RECORDS FOR THE EXERCISE >>
'''
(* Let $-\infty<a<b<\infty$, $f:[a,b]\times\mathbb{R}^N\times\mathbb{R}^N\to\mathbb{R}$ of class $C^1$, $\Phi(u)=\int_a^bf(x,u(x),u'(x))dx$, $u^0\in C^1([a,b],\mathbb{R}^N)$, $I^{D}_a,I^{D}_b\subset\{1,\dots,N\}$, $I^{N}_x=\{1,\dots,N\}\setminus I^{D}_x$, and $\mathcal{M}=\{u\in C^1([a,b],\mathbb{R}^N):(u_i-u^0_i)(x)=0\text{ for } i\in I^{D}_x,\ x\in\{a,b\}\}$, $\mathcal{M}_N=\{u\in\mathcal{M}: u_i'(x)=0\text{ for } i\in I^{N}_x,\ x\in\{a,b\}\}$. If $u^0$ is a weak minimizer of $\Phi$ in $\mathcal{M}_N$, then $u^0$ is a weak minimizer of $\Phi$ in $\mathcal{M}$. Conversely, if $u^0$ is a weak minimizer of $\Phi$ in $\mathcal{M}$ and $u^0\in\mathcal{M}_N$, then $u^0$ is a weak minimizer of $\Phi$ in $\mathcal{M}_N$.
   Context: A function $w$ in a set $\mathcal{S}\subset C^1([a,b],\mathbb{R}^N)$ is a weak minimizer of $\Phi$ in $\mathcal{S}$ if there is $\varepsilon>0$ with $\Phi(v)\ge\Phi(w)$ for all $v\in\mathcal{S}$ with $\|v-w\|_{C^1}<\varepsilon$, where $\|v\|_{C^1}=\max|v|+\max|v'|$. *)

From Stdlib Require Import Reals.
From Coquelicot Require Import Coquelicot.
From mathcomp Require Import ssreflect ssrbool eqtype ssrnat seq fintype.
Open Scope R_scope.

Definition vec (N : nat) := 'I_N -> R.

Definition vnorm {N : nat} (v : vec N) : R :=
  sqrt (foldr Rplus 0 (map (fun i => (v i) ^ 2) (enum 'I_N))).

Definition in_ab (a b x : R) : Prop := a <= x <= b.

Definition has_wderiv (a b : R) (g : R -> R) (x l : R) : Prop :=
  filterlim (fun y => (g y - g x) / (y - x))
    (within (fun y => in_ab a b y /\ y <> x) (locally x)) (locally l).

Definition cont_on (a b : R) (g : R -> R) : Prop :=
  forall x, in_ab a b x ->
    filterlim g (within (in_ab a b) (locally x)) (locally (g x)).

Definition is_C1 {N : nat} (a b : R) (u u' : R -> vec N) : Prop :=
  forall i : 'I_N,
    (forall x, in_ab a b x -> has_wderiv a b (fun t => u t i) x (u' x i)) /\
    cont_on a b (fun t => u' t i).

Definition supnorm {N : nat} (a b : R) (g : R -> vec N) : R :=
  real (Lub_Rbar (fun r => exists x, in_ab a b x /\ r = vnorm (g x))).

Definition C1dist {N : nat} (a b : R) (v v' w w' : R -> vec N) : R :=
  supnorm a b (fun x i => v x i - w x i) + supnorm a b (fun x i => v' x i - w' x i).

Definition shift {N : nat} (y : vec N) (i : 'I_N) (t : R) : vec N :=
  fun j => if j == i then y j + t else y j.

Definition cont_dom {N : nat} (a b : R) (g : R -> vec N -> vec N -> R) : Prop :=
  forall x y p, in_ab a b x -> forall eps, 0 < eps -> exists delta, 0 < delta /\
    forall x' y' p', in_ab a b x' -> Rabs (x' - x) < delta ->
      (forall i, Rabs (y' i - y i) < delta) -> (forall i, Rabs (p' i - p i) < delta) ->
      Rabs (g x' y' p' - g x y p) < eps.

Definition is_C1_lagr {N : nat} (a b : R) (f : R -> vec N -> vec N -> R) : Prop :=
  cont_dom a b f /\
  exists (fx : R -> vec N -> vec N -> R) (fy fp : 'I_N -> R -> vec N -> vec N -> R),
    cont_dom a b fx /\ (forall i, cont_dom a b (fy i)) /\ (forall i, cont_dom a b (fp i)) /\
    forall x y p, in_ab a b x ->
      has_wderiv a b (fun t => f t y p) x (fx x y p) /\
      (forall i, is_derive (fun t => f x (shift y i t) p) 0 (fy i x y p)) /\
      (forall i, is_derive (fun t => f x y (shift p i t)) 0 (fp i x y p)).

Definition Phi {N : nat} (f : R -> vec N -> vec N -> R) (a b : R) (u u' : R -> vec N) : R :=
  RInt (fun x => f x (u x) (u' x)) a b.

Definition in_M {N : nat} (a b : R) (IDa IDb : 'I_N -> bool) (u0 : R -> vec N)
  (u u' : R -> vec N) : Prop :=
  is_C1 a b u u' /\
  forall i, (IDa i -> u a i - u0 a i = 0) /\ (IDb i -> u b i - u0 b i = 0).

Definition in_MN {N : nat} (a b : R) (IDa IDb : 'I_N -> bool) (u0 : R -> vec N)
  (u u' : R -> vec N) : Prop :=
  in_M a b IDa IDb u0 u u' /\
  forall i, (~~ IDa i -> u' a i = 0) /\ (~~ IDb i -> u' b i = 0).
'''
WORK REQUIRED >> The reply should hold only the lines from the beginning of the listing above through the line with "From Coquelicot Require Import Coquelicot.", each one written exactly as it appears.

TASK OUTPUT >>
(* Let $-\infty<a<b<\infty$, $f:[a,b]\times\mathbb{R}^N\times\mathbb{R}^N\to\mathbb{R}$ of class $C^1$, $\Phi(u)=\int_a^bf(x,u(x),u'(x))dx$, $u^0\in C^1([a,b],\mathbb{R}^N)$, $I^{D}_a,I^{D}_b\subset\{1,\dots,N\}$, $I^{N}_x=\{1,\dots,N\}\setminus I^{D}_x$, and $\mathcal{M}=\{u\in C^1([a,b],\mathbb{R}^N):(u_i-u^0_i)(x)=0\text{ for } i\in I^{D}_x,\ x\in\{a,b\}\}$, $\mathcal{M}_N=\{u\in\mathcal{M}: u_i'(x)=0\text{ for } i\in I^{N}_x,\ x\in\{a,b\}\}$. If $u^0$ is a weak minimizer of $\Phi$ in $\mathcal{M}_N$, then $u^0$ is a weak minimizer of $\Phi$ in $\mathcal{M}$. Conversely, if $u^0$ is a weak minimizer of $\Phi$ in $\mathcal{M}$ and $u^0\in\mathcal{M}_N$, then $u^0$ is a weak minimizer of $\Phi$ in $\mathcal{M}_N$.
   Context: A function $w$ in a set $\mathcal{S}\subset C^1([a,b],\mathbb{R}^N)$ is a weak minimizer of $\Phi$ in $\mathcal{S}$ if there is $\varepsilon>0$ with $\Phi(v)\ge\Phi(w)$ for all $v\in\mathcal{S}$ with $\|v-w\|_{C^1}<\varepsilon$, where $\|v\|_{C^1}=\max|v|+\max|v'|$. *)

From Stdlib Require Import Reals.
From Coquelicot Require Import Coquelicot.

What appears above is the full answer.